Тамара опустила покрывало и скромно потупилась:
- У меня совсем нет друзей. В бане со мной не разговаривают, потому что мой муж очень важный человек, родные остались в Телмессосе, а я хочу, чтобы меня навещала подруга.
- Слушай, женщины все делают по-своему. Вы шныряете друг к другу через черный ход, а мужчине приходится стучаться в парадную дверь. Заводи подруг, сколько душе угодно, но кто эта женщина?
- Никто. Моя единственная приятельница в здешних местах.
- Ты замужем. Не будь ты столь равнодушна, уже родила бы детей и водила компанию с другими матерями.
- Свой долг я стараюсь исполнять, - вспыхнула Тамара.
Рустэм-бей раздраженно махнул рукой:
- Мало радости от твоего долга. С таким же успехом я могу пойти к шлюхе и совокупляться, закрыв глаза. Пора бы знать: супружество не означает, что можно плевать на мужа, за чей счет роскошествуешь в праздности.
- Нельзя быть таким грубым с женой.

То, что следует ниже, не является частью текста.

Lemma lyapunov_step om om' v v' :
  enorm (v' - G om) <= enorm v / 10 ->
  om' = om - eta *: ((v' - G om) + v) ->
  F om' + 2 * eta * enorm (v' - G om') ^+ 2 <=
  F om + 2 * eta * enorm (v - G om) ^+ 2 - eta * enorm (G om) ^+ 2 / 2.
Proof.
move=> v'_err om'E.
set p := enorm (G om); set e := enorm (v - G om).
set aV := v' - G om; set bV := aV + (v - G om); set b := enorm bV.
have step : om' - om = - (eta *: (G om + bV)).
  by rewrite om'E; apply/rowP => j; rewrite !mxE; ring.
have step_le : enorm (om' - om) <= eta * (p + b).
  by rewrite step enormN enormZ gtr0_norm // ler_wpM2l ?enormD // ltW.
have ha : enorm aV <= (p + e) / 10.
  apply: le_trans v'_err _; rewrite ler_pM2r // -[v](subrK (G om)) addrC.
  exact: enormD.
have hb : b <= enorm aV + e by exact: enormD.
have hF : F om' - F om <= eta * (- p ^+ 2 + p * b + (p + b) ^+ 2 / 20).
  have sq_le : L * enorm (om' - om) ^+ 2 <= eta * ((p + b) ^+ 2 / 20).
    have -> : eta * ((p + b) ^+ 2 / 20) = L * (eta * (p + b)) ^+ 2.
      by rewrite -L_eta; ring.
    rewrite ler_pM2l //.
    by rewrite ler_sqr ?nnegrE ?enorm_ge0 // mulr_ge0 ?addr_ge0 ?enorm_ge0 ?ltW.
  have := descent om om'; rewrite {1}step dotvNr dotvZr dotvDr -sqr_enorm -/p.
  have := ler_wpM2l (ltW eta_gt0) (cauchy_schwarzN (G om) bV); rewrite -/p -/b.
  lra.
have he : enorm (v' - G om') <= enorm aV + (p + b) / 20.
  rewrite -[v' - G om'](subrKA (G om)) -/aV; apply: le_trans (enormD _ _) _.
  rewrite lerD2l; apply: le_trans (GL _ _) _; rewrite -enormN opprB.
  by apply: le_trans (ler_wpM2l (ltW L_gt0) step_le) _; rewrite mulrA L_eta mulrC.
have := lyapunov_scalar_bound eta_gt0 (enorm_ge0 _) (enorm_ge0 _) (enorm_ge0 _)
  (enorm_ge0 _) ha hb hF he.
rewrite -/p -/e; lra.
Qed.

End LyapunovStep.

Lemma perm_iota_sum (V : zmodType) (n : nat) (p : nat -> nat) (F : nat -> V) :
  perm_eq [seq p t | t <- iota 0 n] (iota 0 n) ->
  \sum_(k < n) F (p k) = \sum_(i < n) F i.
Proof.
move=> p_perm; rewrite -(big_mkord xpredT (F \o p)) -(big_mkord xpredT F).
by rewrite /index_iota subn0 -(big_map p xpredT F) (perm_big _ p_perm).
Qed.

Lemma perm_iota_lt (n : nat) (p : nat -> nat) k :
  perm_eq [seq p t | t <- iota 0 n] (iota 0 n) -> (k < n)%N -> (p k < n)%N.
Proof.
move=> p_perm k_lt_n.
have : p k \in [seq p t | t <- iota 0 n] by apply: map_f; rewrite mem_iota.
by rewrite (perm_mem p_perm) mem_iota.
Qed.

Section InnerLoop.
Variables (R : realType) (d : nat) (g : nat -> 'rV[R]_d -> 'rV[R]_d) (gamma : R).
Variables (pi : nat -> nat -> nat) (s : nat) (om v : 'rV[R]_d).

Definition nfg_iterate t := (nfg_inner g gamma pi s om om v t).1.
Definition nfg_grad_avg t := (nfg_inner g gamma pi s om om v t).2.

Lemma nfg_iterateS t : nfg_iterate t.+1 =
  nfg_iterate t - gamma *: (g (pi s t) (nfg_iterate t) - g (pi s t) om + v).
Proof. by rewrite /nfg_iterate /=; case: nfg_inner. Qed.

Lemma nfg_grad_avgS t : nfg_grad_avg t.+1 =
  (t%:R / t.+1%:R) *: nfg_grad_avg t + t.+1%:R^-1 *: g (pi s t) (nfg_iterate t).
Proof. by rewrite /nfg_grad_avg /nfg_iterate /=; case: nfg_inner. Qed.

Lemma nfg_iterateE t : nfg_iterate t =
  om - gamma *: \sum_(k < t) (g (pi s k) (nfg_iterate k) - g (pi s k) om)
     - (gamma * t%:R) *: v.
Proof.
elim: t => [|t IH]; first by rewrite big_ord0 scaler0 mulr0 scale0r !subr0.
rewrite nfg_iterateS {1}IH big_ord_recr /= -natr1.
by apply/rowP => j; rewrite !mxE; ring.
Qed.

Lemma nfg_grad_avgE t :
  t%:R *: nfg_grad_avg t = \sum_(k < t) g (pi s k) (nfg_iterate k).
Proof.
elim: t => [|t IH]; first by rewrite big_ord0 scale0r.
have t1_neq0 : t.+1%:R != 0 :> R by rewrite pnatr_eq0.
by rewrite nfg_grad_avgS big_ord_recr /= -IH scalerDr !scalerA mulrCA divff // mulr1 scale1r.
Qed.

Мне это неприятно.
- Это мне неприятно! - закричал Рустэм-бей. - Мне неприятно, что моя жена ежедневно принимает неизвестного гостя. Клянусь, другой муж давно бы избил такую жену!
- Что ж, побей меня, - ровно ответила Тамара. - Но тебе не из-за чего беспокоиться, муж мой. Это старуха, ее зовут Фатима, она со мной подружилась.
- Тут всех женщин зовут Фатима. Какая Фатима? Кто у нее семья? Где они живут?
- Она живет на окраине, за армянами. Я там никогда не была. Фатима стыдится своей бедности, она вдова, а всех сыновей забрали на военную службу на долгие десять лет. Ее прозвали "Неудачница". Она приходит ко мне, я из жалости ее угощаю и облегчаю ее бедную душу беседой. - Тамара показала на кусок голубой материи, небрежно брошенный на оттоманку, и добавила: - Она учит меня вышиванию, и я даю ей немного денег, всего несколько монеток. Видишь, я не совсем бездельница.
Рустэм-бей заглянул в темные глаза жены, но не понял, правду ли она говорит. Он резко повернулся и вышел. За дверью постоял в раздумье, закурил толстую сигарету и зашагал вниз по склону. Миновав дома и мастерские армян, он стал расспрашивать о вдове по имени Фатима-неудачница, у которой сыновей забрали на военную службу.
На следующий вечер Рустэм-бей устроился на низкой скамеечке перед входом на женскую половину, куря сигареты одну за другой. У ног образовалась кучка окурков. Горло пересохло, как летняя глина, сердце билось так неровно, что временами перехватывало дыхание. Весь день подозрение кислотой прожигало мысли, роившиеся в растревоженном мозгу, и Рустэм понимал: ему больше не знать покоя, если он не преступит правило, которое при нормальном течении жизни почитал священным и нерушимым. Возможно, он обесчестит себя в глазах жены и всего города, и тогда, невзирая на его положение, заявятся оскорбленные родичи, чтобы с ним поквитаться, но решение было твердо.
И вот, когда из дверей показалась закутанная покрывалом фигура, Рустэм-бей проворно поднялся и загородил ей дорогу:
- Фатима-ханымэфенди, мне нужно с вами поговорить.
Гостья в ответ невнятно буркнула и отвернулась, будто стыдясь, но Рустэм ухватился за край ее покрывала. Женщина как-то странно закопошилась, словно что-то отчаянно искала и не могла найти под одеждой, а потом вдруг мелькнул клинок, и Рустэм отскочил. Выхватив из-за кушака пистолет, он наставил его на противника и, не раздумывая, нажал курок, но тотчас в нетерпении, панике и растерянности вспомнил, что не носит за поясом заряженное оружие, с тех пор как его дядя нанес себе смертельную рану. Незнакомка, пританцовывая, согнулась, и перед лицом аги сверкнула сталь кривого ятагана. Рустэм отбил атаку пистолетом и ударил неприятеля в висок. Выиграв секунду, он выхватил из-за пояса кинжал - доброе оружие, которым его доблестные предки отрезали уши и губы мятежным сербам и болгарам.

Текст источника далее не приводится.